Dry Harissa Spiced Chicken and Cucumber-Mint Salsa

Makes:
One serving

Nutrition per serving:
Calories = 151; Fat = 2 g; Carbs = 12 g; Protein = 24 g

Ingredients
3 1/2 oz chicken breast, trimmed of all skin and fat
1 bay leaf, crumbled
1 tsp whole white peppercorns (sub with black if unavailable)
1/2 tsp fennel seeds
1/2 tsp cumin seeds
1/2 tsp coriander seeds
1/2 tsp caraway seeds
1 tsp paprika
1 clove of garlic, crushed or finely chopped
water

Directions
Preheat a non-stick fry pan to low. Toast the bay leaf, peppercorns, fennel seeds, cumin seeds, coriander seeds and caraway seeds until fragrant. Transfer spices to a spice grinder or mortar and pestle and add paprika, garlic, and a pinch of salt. Grind or pound until whole spices break up and the harissa resembles a coarse dry spice mix. Set aside.

Slice cucumber in half lengthways and scoop out the seeds. Dice, and toss with the mint leaves, lemon juice, and a grinding of fresh pepper.

Make four shallow diagonal cuts across the surface of the chicken breast. Add a few drops of water to dry harissa mix to create a thick paste, and rub in the harissa mixture, working it into the cut sections of flesh. Allow to marinate for at least 1 hour, or up to 24 hours.

Preheat a non-stick skillet, grill pan, or George Foreman grill on medium-high heat. Grill the chicken, turning only once until golden brown on both sides; this should take anywhere between 2 to 4 minutes per side.
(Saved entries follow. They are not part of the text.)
(* Given any ILPDC $C$ and any ILFST $T$, there is an ILPDC $N$ such that $N(x)=C(T(x))$ for all $x\in\{0,1\}^*$. Similarly, given any ILUPDC $C$ and any ILFST $T$, there is an ILUPDC $N$ such that $N(x)=C(T(x))$ for all $x\in\{0,1\}^*$.
   Context: A finite-state transducer (FST) is $T=(Q,q_0,\delta,\nu)$ with finite state set $Q$, start state $q_0$, transition function $\delta:Q\times\{0,1\}\to Q$ and output function $\nu:Q\times\{0,1\}\to\{0,1\}^*$; with $\hat\delta$ the extended transition function, $T(\lambda)=\lambda$ and $T(xb)=T(x)\nu(\hat\delta(x),b)$. $T$ is information lossless (an ILFST) if $x\mapsto(T(x),\hat\delta(x))$ is injective. A pushdown compressor (PDC) is a tuple $C=(Q,\Gamma,\delta,\nu,q_0,z_0,c)$ where $Q$ is a finite nonempty set of states, $\Gamma=\{0,1,z_0\}$ is the stack alphabet with $z_0$ the bottom-of-stack symbol, $\delta: Q\times(\{0,1\}\cup\{\lambda\})\times\Gamma\to Q\times\Gamma^*$ is a partial transition function, $\nu: Q\times(\{0,1\}\cup\{\lambda\})\times\Gamma\to\{0,1\}^*$ is the output function, $q_0$ is the start state, and $c\in\mathbb{N}$ bounds the number of consecutive $\lambda$-transitions (transitions reading no input bit, which pop the top stack symbol and output nothing). On each transition the top stack symbol is replaced by the string given by $\delta$; $z_0$ is never removed. Determinism: for each state $q$ and top symbol $a$, either $\delta(q,\lambda,a)$ is undefined or $\delta(q,b,a)$ is undefined for both $b\in\{0,1\}$. After each input bit all available $\lambda$-transitions are performed. $C(w)$ denotes the output on input $w$ from $q_0$ with stack $z_0$, and $\delta_Q(w)$ the resulting state. $C$ is information lossless (ILPDC) if $w\mapsto (C(w),\delta_Q(w))$ is injective. A unary-stack PDC (UPDC) is identical but with stack alphabet $\{0,z_0\}$; information lossless ones are ILUPDCs. The constant $c$ of $N$ may differ from that of $C$. *)

From mathcomp Require Import all_boot.

Set Implicit Arguments.
Unset Strict Implicit.
Unset Printing Implicit Defensive.

Record fst (Q : finType) := FST {
  fst_start : Q;
  fst_delta : Q -> bool -> Q;
  fst_nu    : Q -> bool -> seq bool }.

Definition fst_run (Q : finType) (T : fst Q) (x : seq bool) : Q * seq bool :=
  foldl (fun (p : Q * seq bool) b =>
           (fst_delta T p.1 b, p.2 ++ fst_nu T p.1 b))
        (fst_start T, [::]) x.

Definition fst_state (Q : finType) (T : fst Q) (x : seq bool) : Q := (fst_run T x).1.
Definition fst_out (Q : finType) (T : fst Q) (x : seq bool) : seq bool := (fst_run T x).2.

Definition ILFST (Q : finType) (T : fst Q) : Prop :=
  injective (fun x => (fst_out T x, fst_state T x)).

(* symbols. The stack alphabet is [option A]; [None] is the bottom     *)
(* symbol z0. Input letters: [Some b] reads bit b, [None] is lambda.   *)
(* Stacks are sequences with the top symbol at the head.               *)
Record pdc (A : eqType) (Q : finType) := PDC {
  pdc_start : Q;
  pdc_delta : Q -> option bool -> option A -> option (Q * seq (option A));
  pdc_nu    : Q -> option bool -> option A -> seq bool;
  pdc_c     : nat }.

Section PDCSemantics.
Variables (A : eqType) (Q : finType) (C : pdc A Q).

Definition pconf := (Q * seq (option A) * seq bool)%type.

Definition pdc_step_in (cf : pconf) (b : bool) : option pconf :=
  match cf with
  | (q, st, o) =>
    match st with
    | [::] => None
    | a :: rest =>
      match pdc_delta C q (Some b) a with
      | Some (q', s) => Some (q', s ++ rest, o ++ pdc_nu C q (Some b) a)
      | None => None
      end
    end
  end.

Fixpoint pdc_lam (n : nat) (cf : pconf) : option pconf :=
  match cf with
  | (q, st, o) =>
    match st with
    | [::] => None
    | a :: rest =>
      match pdc_delta C q None a with
      | None => Some cf
      | Some (q', s) =>
        match n with
        | 0 => None
        | n'.+1 => pdc_lam n' (q', s ++ rest, o ++ pdc_nu C q None a)
        end
      end
    end
  end.

Definition pdc_run (w : seq bool) : option pconf :=
  foldl (fun (ocf : option pconf) b =>
           match ocf with
           | None => None
           | Some cf =>
             match pdc_step_in cf b with
             | None => None
             | Some cf' => pdc_lam (pdc_c C) cf'
             end
           end)
        (Some (pdc_start C, [:: None], [::])) w.

Definition pdc_out (w : seq bool) : seq bool :=
  if pdc_run w is Some (_, _, o) then o else [::].

Definition pdc_state (w : seq bool) : Q :=
  if pdc_run w is Some (q, _, _) then q else pdc_start C.

(* Well-formedness of a pushdown compressor:
   - determinism;
   - lambda-transitions pop the top symbol (z0 is never removed) and
     output nothing;
   - z0 is never removed: a transition on top z0 puts back a string
     ending with z0 (and no other z0), a transition on a non-bottom
     symbol pushes no z0;
   - the number of consecutive lambda-transitions is bounded by c and
     the machine never gets stuck, i.e. C(w) is defined for every w. *)
Definition pdc_ok : Prop :=
  [/\ (forall q a, pdc_delta C q None a = None \/
         (pdc_delta C q (Some false) a = None /\
          pdc_delta C q (Some true) a = None)),
      (forall q a q' s, pdc_delta C q None a = Some (q', s) ->
         s = (if a is None then [:: None] else [::]) /\
         pdc_nu C q None a = [::]),
      (forall q ob a q' s, pdc_delta C q ob a = Some (q', s) ->
         match a return Prop with
         | None => exists2 s', s = rcons s' None & None \notin s'
         | Some _ => None \notin s
         end)
    & (forall w, pdc_run w <> None)].

Definition ILgen : Prop :=
  pdc_ok /\ injective (fun w => (pdc_out w, pdc_state w)).

End PDCSemantics.

(* PDC: stack alphabet {0,1,z0} = option bool (Some false, Some true, None) *)
(* UPDC: stack alphabet {0,z0} = option unit (Some tt, None) *)

Definition ILPDC (Q : finType) (C : pdc bool Q) : Prop := ILgen C.
Definition ILUPDC (Q : finType) (C : pdc unit Q) : Prop := ILgen C.

From mathcomp Require Import all_boot zify.

Set Implicit Arguments.
Unset Strict Implicit.
Unset Printing Implicit Defensive.

(* The composed machine N runs T and feeds each block of T's output straight
   to C.  One input bit makes T emit at most L bits, on which C performs at
   most L(c+1) pops; so N can keep the top L(c+1) symbols of C's stack in its
   finite control, run C's transitions there, and keep the rest of C's stack,
   over the same stack alphabet, on its own stack, refilling the buffer by
   lambda-pops after each bit.  N's state records the states of T and C, so
   (N(x), delta_N(x)) determines (C(T(x)), delta_C(T(x))) and delta_T(x), and
   the losslessness of C, then of T, recovers x. *)

Lemma val_insub_bseq n (T : Type) (s : seq T) :
  size s <= n -> insub_bseq n s = s :> seq T.
Proof. by move=> le_s_n; rewrite /insub_bseq insubdK. Qed.

Lemma fst_state_rcons (QT : finType) (T : fst QT) x b :
  fst_state T (rcons x b) = fst_delta T (fst_state T x) b.
Proof. by rewrite /fst_state /fst_run -cats1 foldl_cat. Qed.

Lemma fst_out_rcons (QT : finType) (T : fst QT) x b :
  fst_out T (rcons x b) = fst_out T x ++ fst_nu T (fst_state T x) b.
Proof. by rewrite /fst_out /fst_state /fst_run -cats1 foldl_cat. Qed.

Section PDCExec.
Variables (A : eqType) (Q : finType) (C : pdc A Q).
Implicit Types (cf : pconf A Q) (ocf : option (pconf A Q)) (o u w : seq bool).

Definition pdc_feed ocf b : option (pconf A Q) :=
  if ocf is Some cf then obind (pdc_lam C (pdc_c C)) (pdc_step_in C cf b) else None.

Definition pdc_exec cf u : option (pconf A Q) := foldl pdc_feed (Some cf) u.

Lemma pdc_feed_Some cf b :
  pdc_feed (Some cf) b = obind (pdc_lam C (pdc_c C)) (pdc_step_in C cf b).
Proof. by []. Qed.

Lemma foldl_feed_None u : foldl pdc_feed None u = None.
Proof. by elim: u. Qed.

Lemma pdc_exec_cons cf b u :
  pdc_exec cf (b :: u) = if pdc_feed (Some cf) b is Some cf' then pdc_exec cf' u else None.
Proof. by rewrite /pdc_exec /=; case: obind => //; apply: foldl_feed_None. Qed.

Lemma pdc_run_rcons w b : pdc_run C (rcons w b) = pdc_feed (pdc_run C w) b.
Proof. by rewrite /pdc_run -cats1 foldl_cat. Qed.

Lemma pdc_run_cat cf w u : pdc_run C w = Some cf -> pdc_run C (w ++ u) = pdc_exec cf u.
Proof. by move=> run_w; rewrite /pdc_run foldl_cat -/(pdc_run C w) run_w. Qed.

Definition cat_out o cf : pconf A Q := (cf.1, o ++ cf.2).
Arguments cat_out : simpl never.

Lemma step_in_cat_out o cf b :
  pdc_step_in C (cat_out o cf) b = omap (cat_out o) (pdc_step_in C cf b).
Proof.
case: cf => [[q [|a st]] o1] //=.
by case: pdc_delta => [[q' s]|] //=; rewrite /cat_out /= catA.
Qed.

Lemma lam_cat_out o n cf :
  pdc_lam C n (cat_out o cf) = omap (cat_out o) (pdc_lam C n cf).
Proof.
elim: n cf => [|n IHn] [[q [|a st]] o1] //=; case: pdc_delta => [[q' s]|] //=.
by rewrite -catA -(IHn (_, _, _)).
Qed.

Lemma feed_cat_out o ocf b :
  pdc_feed (omap (cat_out o) ocf) b = omap (cat_out o) (pdc_feed ocf b).
Proof.
case: ocf => [cf|] //.
rewrite [omap _ (Some cf)]/= !pdc_feed_Some step_in_cat_out.
by case: pdc_step_in => [cf'|] //; apply: lam_cat_out.
Qed.

Lemma exec_cat_out o cf u :
  pdc_exec (cat_out o cf) u = omap (cat_out o) (pdc_exec cf u).
Proof.
rewrite /pdc_exec -[Some (cat_out o cf)]/(omap (cat_out o) (Some cf)).
by elim: u (Some cf) => [|b u IHu] ocf //=; rewrite feed_cat_out IHu.
Qed.

(* Frame property: [n] lambda-transitions, and a run on [u] (at most
   [size u * (pdc_c C).+1] transitions), never inspect the stack below [st]. *)
Lemma lam_frame n q st r o q' X o' :
  pdc_lam C n (q, st ++ r, o) = Some (q', X, o') -> n < size st ->
  exists st', [/\ pdc_lam C n (q, st, o) = Some (q', st', o'), X = st' ++ r
                & size st - n <= size st'].
Proof.
elim: n q st o => [|n IHn] q [|a st] o //=; case: pdc_delta => [[q1 s]|] //=.
- by move=> [<- <- <-] _; exists (a :: st); rewrite subn0.
- rewrite catA => /IHn; rewrite size_cat /= => IH lt_n_st.
  have [|st' [-> -> le_st']] := IH; first by lia.
  by exists st'; split => //; lia.
- by move=> [<- <- <-] _; exists (a :: st); split => //; apply: leq_subr.
Qed.

Lemma exec_frame u q st r o q' X o' :
  pdc_exec (q, st ++ r, o) u = Some (q', X, o') -> size u * (pdc_c C).+1 < size st ->
  exists st', pdc_exec (q, st, o) u = Some (q', st', o') /\ X = st' ++ r.
Proof.
elim: u q st o => [|b u IHu] q st o; first by move=> [<- <- <-]; exists st.
rewrite !pdc_exec_cons /= mulSn; case: st => [|a st] //=.
case: pdc_delta => [[q1 s]|] //=; rewrite catA.
case E: pdc_lam => [[[q2 X2] o2]|] // exec_u lt_st.
have [|st2 [-> eq_X2 le_st2]] := lam_frame E; first by rewrite size_cat /=; lia.
apply: IHu; first by rewrite -eq_X2.
by move: le_st2; rewrite size_cat /=; lia.
Qed.

End PDCExec.

Section BottomedStacks.
Variable A : eqType.
Implicit Types (s r : seq (option A)) (a : option A).

Fixpoint bottomed s : bool :=
  match s with
  | [::] => false
  | None :: r => r == [::]
  | Some _ :: r => bottomed r
  end.

Definition bottom_tail a : seq (option A) := if a is None then [:: None] else [::].

Lemma bottomed_cat s r : None \notin s -> bottomed (s ++ r) = bottomed r.
Proof. by elim: s => [|[x|] s IHs] //; rewrite in_cons negb_or => /andP[_ /IHs]. Qed.

Lemma bottomed_rcons s : None \notin s -> bottomed (rcons s None).
Proof. by move=> s_nz; rewrite -cats1 bottomed_cat. Qed.

Lemma bottomed_catl s r : bottomed (s ++ r) -> bottomed r -> None \notin s.
Proof.
elim: s => [|[x|] s IHs] //=.
by case: s r {IHs} => [|? ?] [|? ?].
Qed.

Lemma filter_isSome_id s : None \notin s -> filter isSome s = s.
Proof. by elim: s => [|[x|] s IHs] //=; rewrite in_cons negb_or => /andP[_ /IHs ->]. Qed.

Lemma bottomedE s : bottomed s -> s = rcons (filter isSome s) None.
Proof. by elim: s => [|[x|] s IHs] //= => [/IHs <-|/eqP ->]. Qed.

Lemma bottomed_bottom_tail a r : bottomed (a :: r) -> bottomed (bottom_tail a ++ r).
Proof. by case: a => [x|] //= /eqP ->. Qed.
When cooked, remove from heat and serve at once with cucumber salsa.


Cilantro and Pink Peppercorn-Rubbed Chicken with Tomato Salad

Makes:
One serving

Nutrition per serving:
Calories = 195; Fat = 1 g; Carbs = 27 g; Protein = 25 g

Ingredients
3 1/2 oz chicken breast, trimmed of all skin and fat
1/2 Tbls garlic, crushed or finely chopped
1/2 Tbls whole pink peppercorns (sub with black if unavailable)
⅛ cup fresh cilantro (leaves and stalks)
4 Tbls lemon juice
1 tomato or a small handful of cherry tomatoes
1 tsp fresh basil, finely shredded (sub 1/4 tsp dried if unavailable)
1 tsp fresh parsley, finely chopped (sub 1/4 tsp dried if unavailable)
1 Tbls sugar-free balsamic vinegar (see Pantry recipes)
salt and pepper

Directions
Pound garlic, peppercorns, cilantro, and a pinch of salt in a mortar and pestle until amalgamated, or combine in a food processor and pulse. Add lemon juice to bring the mixture together. Make four shallow diagonal cuts across the surface of the chicken breast and rub in the cilantro-peppercorn mixture, working it into the cut sections of flesh. Allow to marinate for at least 1 hour, or up to 24 hours.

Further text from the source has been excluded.